Micromechanics of “raspberry” morphology in PPE/SAN polymer blends compatibilized with linear ABC triblock terpolymers

- Role of viscosity on localization of the compatibilizer at the blend interface.
- Change of quasi co-continuous morphology to dispersed droplets via ABC triblocks.
- Morphological and thermomechanical correlations of neat and compatibilized blends.
- Effect of domain size on the toughening mechanisms after fracture toughness.

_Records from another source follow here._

(* Let $m,n\ge 1$, $M=\{1,\dots,m\}$, $N=\{1,\dots,n\}$. (i) For BQAP1 with data $Q=(q_{ijk\ell})$ ($m\times n\times m\times n$) and $m\times n$ matrices $c,d$, the average $\mathcal{A}_1(Q,c,d)$ of the objective value $f_1(x,y)$ over all feasible solutions equals $$\mathcal{A}_1(Q,c,d)=\frac{1}{mn}\sum_{i=1}^m\sum_{j=1}^n\sum_{k=1}^m\sum_{\ell=1}^n q_{ijk\ell}+\frac{1}{n}\sum_{i=1}^m\sum_{j=1}^n c_{ij}+\frac{1}{m}\sum_{i=1}^m\sum_{j=1}^n d_{ij}.$$ (ii) For BQAP2 with data $Q=(q_{ijk\ell})$ ($m\times m\times n\times n$), an $m\times m$ matrix $c$ and an $n\times n$ matrix $d$, the average $\mathcal{A}_2(Q,c,d)$ of $f_2(x,y)$ over all feasible solutions equals $$\mathcal{A}_2(Q,c,d)=\frac{1}{mn}\sum_{i=1}^m\sum_{j=1}^m\sum_{k=1}^n\sum_{\ell=1}^n q_{ijk\ell}+\frac{1}{m}\sum_{i=1}^m\sum_{j=1}^m c_{ij}+\frac{1}{n}\sum_{i=1}^n\sum_{j=1}^n d_{ij}.$$
   Context: BQAP1: the feasible solutions are pairs $(x,y)$ of $m\times n$ 0-1 matrices with $\sum_{j=1}^n x_{ij}=1$ for every $i\in M$ and $\sum_{i=1}^m y_{ij}=1$ for every $j\in N$ (there are $n^m m^n$ of them); the objective is $f_1(x,y)=\sum_{i,k\in M}\sum_{j,\ell\in N} q_{ijk\ell}x_{ij}y_{k\ell}+\sum_{i\in M,j\in N}c_{ij}x_{ij}+\sum_{i\in M,j\in N}d_{ij}y_{ij}$. BQAP2: feasible solutions are pairs $(x,y)$ with $x$ an $m\times m$ 0-1 matrix satisfying $\sum_{j=1}^m x_{ij}=1$ for all $i\in M$ and $y$ an $n\times n$ 0-1 matrix satisfying $\sum_{i=1}^n y_{ij}=1$ for all $j\in N$ (there are $m^m n^n$ of them); the objective is $f_2(x,y)=\sum_{i,j\in M}\sum_{k,\ell\in N} q_{ijk\ell}x_{ij}y_{k\ell}+\sum_{i,j\in M}c_{ij}x_{ij}+\sum_{i,j\in N}d_{ij}y_{ij}$. All data are real numbers. *)

From HB Require Import structures.
From mathcomp Require Import all_boot all_order all_algebra.
Set Implicit Arguments. Unset Strict Implicit. Unset Printing Implicit Defensive.
Import Order.TTheory GRing.Theory Num.Theory.
Local Open Scope ring_scope.

(* 0-1 matrices are represented as boolean matrices; entry x i j is read as
   the number (x i j)%:R in {0,1}.  Indices 'I_m play the role of M = {1..m}. *)

Definition row_assign (p q : nat) (x : 'M[bool]_(p, q)) : bool :=
  [forall i : 'I_p, (\sum_(j < q) nat_of_bool (x i j) == 1)%N].

Definition col_assign (p q : nat) (y : 'M[bool]_(p, q)) : bool :=
  [forall j : 'I_q, (\sum_(i < p) nat_of_bool (y i j) == 1)%N].

Definition feas1 (m n : nat) (s : 'M[bool]_(m, n) * 'M[bool]_(m, n)) : bool :=
  row_assign s.1 && col_assign s.2.

Definition f1 (R : numFieldType) (m n : nat)
  (q : 'I_m -> 'I_n -> 'I_m -> 'I_n -> R) (c d : 'M[R]_(m, n))
  (x y : 'M[bool]_(m, n)) : R :=
  \sum_(i < m) \sum_(k < m) \sum_(j < n) \sum_(l < n)
      q i j k l * (x i j)%:R * (y k l)%:R
  + \sum_(i < m) \sum_(j < n) c i j * (x i j)%:R
  + \sum_(i < m) \sum_(j < n) d i j * (y i j)%:R.

Definition avg1 (R : numFieldType) (m n : nat)
  (q : 'I_m -> 'I_n -> 'I_m -> 'I_n -> R) (c d : 'M[R]_(m, n)) : R :=
  (\sum_(s | feas1 s) f1 q c d s.1 s.2) / (#|[pred s | @feas1 m n s]|)%:R.

Definition feas2 (m n : nat) (s : 'M[bool]_m * 'M[bool]_n) : bool :=
  row_assign s.1 && col_assign s.2.

Definition f2 (R : numFieldType) (m n : nat)
  (q : 'I_m -> 'I_m -> 'I_n -> 'I_n -> R) (c : 'M[R]_m) (d : 'M[R]_n)
  (x : 'M[bool]_m) (y : 'M[bool]_n) : R :=
  \sum_(i < m) \sum_(j < m) \sum_(k < n) \sum_(l < n)
      q i j k l * (x i j)%:R * (y k l)%:R
  + \sum_(i < m) \sum_(j < m) c i j * (x i j)%:R
  + \sum_(i < n) \sum_(j < n) d i j * (y i j)%:R.

Definition avg2 (R : numFieldType) (m n : nat)
  (q : 'I_m -> 'I_m -> 'I_n -> 'I_n -> R) (c : 'M[R]_m) (d : 'M[R]_n) : R :=
  (\sum_(s | feas2 s) f2 q c d s.1 s.2) / (#|[pred s | @feas2 m n s]|)%:R.

From mathcomp Require Import all_boot all_order all_algebra.
From mathcomp Require Import perm ring.
Import Order.TTheory GRing.Theory Num.Theory.
Set Implicit Arguments. Unset Strict Implicit. Unset Printing Implicit Defensive.
Local Open Scope ring_scope.

(* The feasible set is a product X * Y, so the average of x_ij y_kl splits as
   (average of x_ij over X) * (average of y_kl over Y).  Permuting columns
   preserves X, so the average of x_ij does not depend on j; as each row of x
   sums to 1, it is 1/(number of columns).  Transposition turns Y into the
   corresponding set of row assignments, so the average of y_kl is
   1/(number of rows). *)

Section Average.
Variable R : numFieldType.

Definition average (T : finType) (P : pred T) (F : T -> R) : R :=
  (\sum_(x | P x) F x) / #|[pred x | P x]|%:R.

Lemma averageE (T : finType) (P : pred T) (F : T -> R) :
  average P F = (\sum_(x | P x) F x) / \sum_(x | P x) 1.
Proof. by rewrite /average; congr (_ / _); rewrite sumr_const. Qed.

Lemma eq_average (T : finType) (P Q : pred T) (F G : T -> R) :
  P =1 Q -> (forall x, P x -> F x = G x) -> average P F = average Q G.
Proof. by move=> PQ FG; rewrite !averageE (eq_big _ _ PQ FG) (eq_bigl _ _ PQ). Qed.

Lemma averageD (T : finType) (P : pred T) (F G : T -> R) :
  average P (fun x => F x + G x) = average P F + average P G.
Proof. by rewrite /average big_split mulrDl. Qed.

Lemma averageZ (T : finType) (P : pred T) (a : R) (F : T -> R) :
  average P (fun x => a * F x) = a * average P F.
Proof. by rewrite /average -mulr_sumr mulrA. Qed.

Lemma average_sum (I : Type) (r : seq I) (Q : pred I) (T : finType) (P : pred T)
    (F : I -> T -> R) :
  average P (fun x => \sum_(i <- r | Q i) F i x) = \sum_(i <- r | Q i) average P (F i).
Proof. by rewrite /average exchange_big mulr_suml. Qed.

Lemma average_cst (T : finType) (P : pred T) (a : R) :
  (exists x, P x) -> average P (fun=> a) = a.
Proof.
case=> x0 Px0; rewrite averageE -(eq_bigr _ (fun _ _ => mulr1 a)) -mulr_sumr.
by rewrite mulfK // sumr_const pnatr_eq0 -lt0n; apply/card_gt0P; exists x0.
Qed.

Lemma average_reindex (T T' : finType) (h : T' -> T) (P : pred T) (F : T -> R) :
  bijective h -> average P F = average (fun x => P (h x)) (fun x => F (h x)).
Proof.
move=> [g hK gK].
have onh : {on [pred x | P x], bijective h} by exists g => x _; [apply: hK | apply: gK].
by rewrite !averageE (reindex h onh) (reindex h onh).
Qed.

Lemma average_pair (T1 T2 : finType) (P1 : pred T1) (P2 : pred T2)
    (F : T1 -> R) (G : T2 -> R) :
  average (fun s : T1 * T2 => P1 s.1 && P2 s.2) (fun s => F s.1 * G s.2)
  = average P1 F * average P2 G.
Proof.
rewrite !averageE /= -(pair_big_dep P1 (fun=> P2) (fun x y => F x * G y)).
rewrite -(pair_big_dep P1 (fun=> P2) (fun _ _ => 1)) /=.
have -> : \sum_(x | P1 x) \sum_(y | P2 y) 1
          = (\sum_(x | P1 x) 1) * \sum_(y | P2 y) (1 : R).
  by rewrite mulr_suml; under [RHS]eq_bigr do rewrite mul1r.
by rewrite -big_distrlr /= invfM mulrACA.
Qed.

Lemma average_fst (T1 T2 : finType) (P1 : pred T1) (P2 : pred T2) (F : T1 -> R) :
  (exists y, P2 y) ->
  average (fun s : T1 * T2 => P1 s.1 && P2 s.2) (fun s => F s.1) = average P1 F.
Proof.
move=> P2y; rewrite -[RHS]mulr1 -(average_cst 1 P2y) -average_pair.
by apply: eq_average => // s _; rewrite mulr1.
Qed.

Lemma average_snd (T1 T2 : finType) (P1 : pred T1) (P2 : pred T2) (G : T2 -> R) :
  (exists x, P1 x) ->
  average (fun s : T1 * T2 => P1 s.1 && P2 s.2) (fun s => G s.2) = average P2 G.
Proof.
move=> P1x; rewrite -[RHS]mul1r -(average_cst 1 P1x) -average_pair.
by apply: eq_average => // s _; rewrite mul1r.
Qed.

End Average.

Lemma row_assign_col_perm (p q : nat) (s : {perm 'I_q}) (x : 'M[bool]_(p, q)) :
  row_assign (col_perm s x) = row_assign x.
Proof.
apply: eq_forallb => i; congr (_ == _).
under eq_bigr do rewrite mxE.
by rewrite (reindex_inj (@perm_inj _ s^-1)); under eq_bigr do rewrite permKV.
Qed.

Lemma col_assign_trmx (p q : nat) (x : 'M[bool]_(q, p)) : col_assign x^T = row_assign x.
Proof. by apply: eq_forallb => i; under eq_bigr do rewrite mxE. Qed.

Lemma row_assign_exists (p q : nat) :
  (0 < q)%N -> exists x : 'M[bool]_(p, q), row_assign x.
Proof.
move=> q_gt0; pose j0 := Ordinal q_gt0.
exists (\matrix_(i, j) (j == j0)); apply/forallP => i.
rewrite (bigD1 j0) //= mxE eqxx big1 // => j /negbTE.
by rewrite mxE => ->.
Qed.

Lemma col_assign_exists (p q : nat) :
  (0 < p)%N -> exists y : 'M[bool]_(p, q), col_assign y.
Proof.
by case/(row_assign_exists q)=> x x_row; exists x^T; rewrite col_assign_trmx.
Qed.

Lemma average_row_assign_entry (R : numFieldType) (p q : nat) (i : 'I_p) (j : 'I_q) :
  (0 < q)%N ->
  average (@row_assign p q) (fun x : 'M[bool]_(p, q) => (x i j)%:R) = q%:R^-1 :> R.
Proof.
move=> q_gt0; set a := average _ _.
have a_indep j' : average (@row_assign p q) (fun x : 'M[bool]_(p, q) => (x i j')%:R) = a.
  have bij : bijective (@col_perm bool p q (tperm j j')).
    by exists (col_perm (tperm j j')) => x; apply/matrixP => k l; rewrite !mxE tpermK.
  rewrite (average_reindex _ _ bij); apply: eq_average => [x | x _].
    exact: row_assign_col_perm.
  by rewrite mxE tpermR.
have : average (@row_assign p q) (fun x => \sum_(j' < q) ((x i j')%:R : R)) = 1.
  rewrite -[RHS](@average_cst _ _ (@row_assign p q) 1); last exact: row_assign_exists.
  apply: eq_average => // x /forallP /(_ i) /eqP row_x.
  by rewrite -natr_sum row_x.
rewrite average_sum (eq_bigr _ (fun j' _ => a_indep j')) sumr_const card_ord => a_q.
have q_neq0 : q%:R != 0 :> R by rewrite pnatr_eq0 -lt0n.
by rewrite -[a](mulfK q_neq0) mulr_natr a_q mul1r.
Qed.

Lemma average_col_assign_entry (R : numFieldType) (p q : nat) (i : 'I_p) (j : 'I_q) :
  (0 < p)%N ->
  average (@col_assign p q) (fun y : 'M[bool]_(p, q) => (y i j)%:R) = p%:R^-1 :> R.
Proof.
move=> p_gt0.
have bij : bijective (@trmx bool q p) by exists (@trmx bool p q) => x; rewrite trmxK.
rewrite (average_reindex _ _ bij) -(average_row_assign_entry R j i p_gt0).
by apply: eq_average => [x | x _]; rewrite ?col_assign_trmx ?mxE.
Qed.

Lemma avg1_formula (R : numFieldType) (m n : nat) (hm : (0 < m)%N) (hn : (0 < n)%N)
    (q : 'I_m -> 'I_n -> 'I_m -> 'I_n -> R) (c d : 'M[R]_(m, n)) :
  avg1 q c d =
    (m * n)%:R^-1 * (\sum_(i < m) \sum_(j < n) \sum_(k < m) \sum_(l < n) q i j k l)
    + n%:R^-1 * (\sum_(i < m) \sum_(j < n) c i j)
    + m%:R^-1 * (\sum_(i < m) \sum_(j < n) d i j).
Proof.
have [x0 x0_row] := row_assign_exists m hn.
have [y0 y0_col] := col_assign_exists n hm.
rewrite [avg1 _ _ _](_ : _ = average (fun s => row_assign s.1 && col_assign s.2)
                                      (fun s => f1 q c d s.1 s.2)) //.
rewrite /f1 !averageD; congr (_ + _ + _).
- rewrite average_sum mulr_sumr; apply: eq_bigr => i _.
  rewrite [X in _ = _ * X]exchange_big /=.
  rewrite average_sum mulr_sumr; apply: eq_bigr => k _.
  rewrite average_sum mulr_sumr; apply: eq_bigr => j _.
  rewrite average_sum mulr_sumr; apply: eq_bigr => l _.
  rewrite (average_pair _ _ (fun x : 'M[bool]_(m, n) => q i j k l * (x i j)%:R)
                        (fun y : 'M[bool]_(m, n) => (y k l)%:R)).
  rewrite averageZ average_row_assign_entry // average_col_assign_entry //.
  by rewrite natrM invfM; ring.
- rewrite average_sum mulr_sumr; apply: eq_bigr => i _.
  rewrite average_sum mulr_sumr; apply: eq_bigr => j _.
  rewrite (average_fst _ (fun x : 'M[bool]_(m, n) => c i j * (x i j)%:R));
    last by exists y0.
  by rewrite averageZ average_row_assign_entry // mulrC.
- rewrite average_sum mulr_sumr; apply: eq_bigr => i _.
  rewrite average_sum mulr_sumr; apply: eq_bigr => j _.
  rewrite (average_snd _ (fun y : 'M[bool]_(m, n) => d i j * (y i j)%:R));
    last by exists x0.
  by rewrite averageZ average_col_assign_entry // mulrC.
Qed.

Lemma avg2_formula (R : numFieldType) (m n : nat) (hm : (0 < m)%N) (hn : (0 < n)%N)
    (q : 'I_m -> 'I_m -> 'I_n -> 'I_n -> R) (c : 'M[R]_m) (d : 'M[R]_n) :
  avg2 q c d =
    (m * n)%:R^-1 * (\sum_(i < m) \sum_(j < m) \sum_(k < n) \sum_(l < n) q i j k l)
    + m%:R^-1 * (\sum_(i < m) \sum_(j < m) c i j)
    + n%:R^-1 * (\sum_(i < n) \sum_(j < n) d i j).
Proof.
have [x0 x0_row] := row_assign_exists m hm.
have [y0 y0_col] := col_assign_exists n hn.
rewrite [avg2 _ _ _](_ : _ = average (fun s => row_assign s.1 && col_assign s.2)
                                      (fun s => f2 q c d s.1 s.2)) //.
rewrite /f2 !averageD; congr (_ + _ + _).
- rewrite average_sum mulr_sumr; apply: eq_bigr => i _.
  rewrite average_sum mulr_sumr; apply: eq_bigr => j _.
  rewrite average_sum mulr_sumr; apply: eq_bigr => k _.
  rewrite average_sum mulr_sumr; apply: eq_bigr => l _.
  rewrite (average_pair _ _ (fun x : 'M[bool]_m => q i j k l * (x i j)%:R)
                        (fun y : 'M[bool]_n => (y k l)%:R)).
  rewrite averageZ average_row_assign_entry // average_col_assign_entry //.
  by rewrite natrM invfM; ring.
- rewrite average_sum mulr_sumr; apply: eq_bigr => i _.
  rewrite average_sum mulr_sumr; apply: eq_bigr => j _.
  rewrite (average_fst _ (fun x : 'M[bool]_m => c i j * (x i j)%:R)); last by exists y0.
  by rewrite averageZ average_row_assign_entry // mulrC.
- rewrite average_sum mulr_sumr; apply: eq_bigr => i _.
  rewrite average_sum mulr_sumr; apply: eq_bigr => j _.
  rewrite (average_snd _ (fun y : 'M[bool]_n => d i j * (y i j)%:R)); last by exists x0.
  by rewrite averageZ average_col_assign_entry // mulrC.
Qed.

Theorem theorem1 (R : realFieldType) (m n : nat) (hm : (0 < m)%N) (hn : (0 < n)%N) :
  (forall (q : 'I_m -> 'I_n -> 'I_m -> 'I_n -> R) (c d : 'M[R]_(m, n)),
     avg1 q c d =
       (m * n)%:R^-1 * (\sum_(i < m) \sum_(j < n) \sum_(k < m) \sum_(l < n) q i j k l)
       + n%:R^-1 * (\sum_(i < m) \sum_(j < n) c i j)
       + m%:R^-1 * (\sum_(i < m) \sum_(j < n) d i j))
  /\
  (forall (q : 'I_m -> 'I_m -> 'I_n -> 'I_n -> R) (c : 'M[R]_m) (d : 'M[R]_n),
     avg2 q c d =
       (m * n)%:R^-1 * (\sum_(i < m) \sum_(j < m) \sum_(k < n) \sum_(l < n) q i j k l)
       + m%:R^-1 * (\sum_(i < m) \sum_(j < m) c i j)
       + n%:R^-1 * (\sum_(i < n) \sum_(j < n) d i j)).
Proof. by split=> q c d; [apply: avg1_formula | apply: avg2_formula]. Qed.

The effect of compatibilization with a symmetrical polystyrene-block-polybutadiene-block-poly(methyl methacrylate) (SBM) triblock terpolymer on the morphological and mechanical properties (specifically toughness) of immiscible poly(2,6-dimethyl-1,4-phenylene ether)/poly(styrene-co-acrylonitrile) (PPE/SAN) blends with different blend (w/w) ratios is investigated. We study the effect of blend viscosity on the localization of the compatibilizer at the blend interface, influencing the mechanical properties of the macroscopic material. The impact of the specific morphology of the blends, known as “raspberry morphology”, on the final material will be explained using thermomechanical analysis and revealing relevant deformation mechanisms. The correlations between domain size, toughness of the blends and the corresponding toughening mechanisms are explained. After compatibilization, the fracture toughness is increased due to better bonding and stress transfer between the phases and smaller domain sizes with strong interface impose shear yielding of the matrix. Very small inter-domain distances hinder matrix deformations, which forces debonding as a “weaker” main deformation mechanism. It is found that a PPE/SAN ratio of 60/40 (w/w) has the optimum viscosity during processing to control the morphology. At this blend ratio the dispersed PPE domains have a low packing density, allowing shear deformations of the matrix.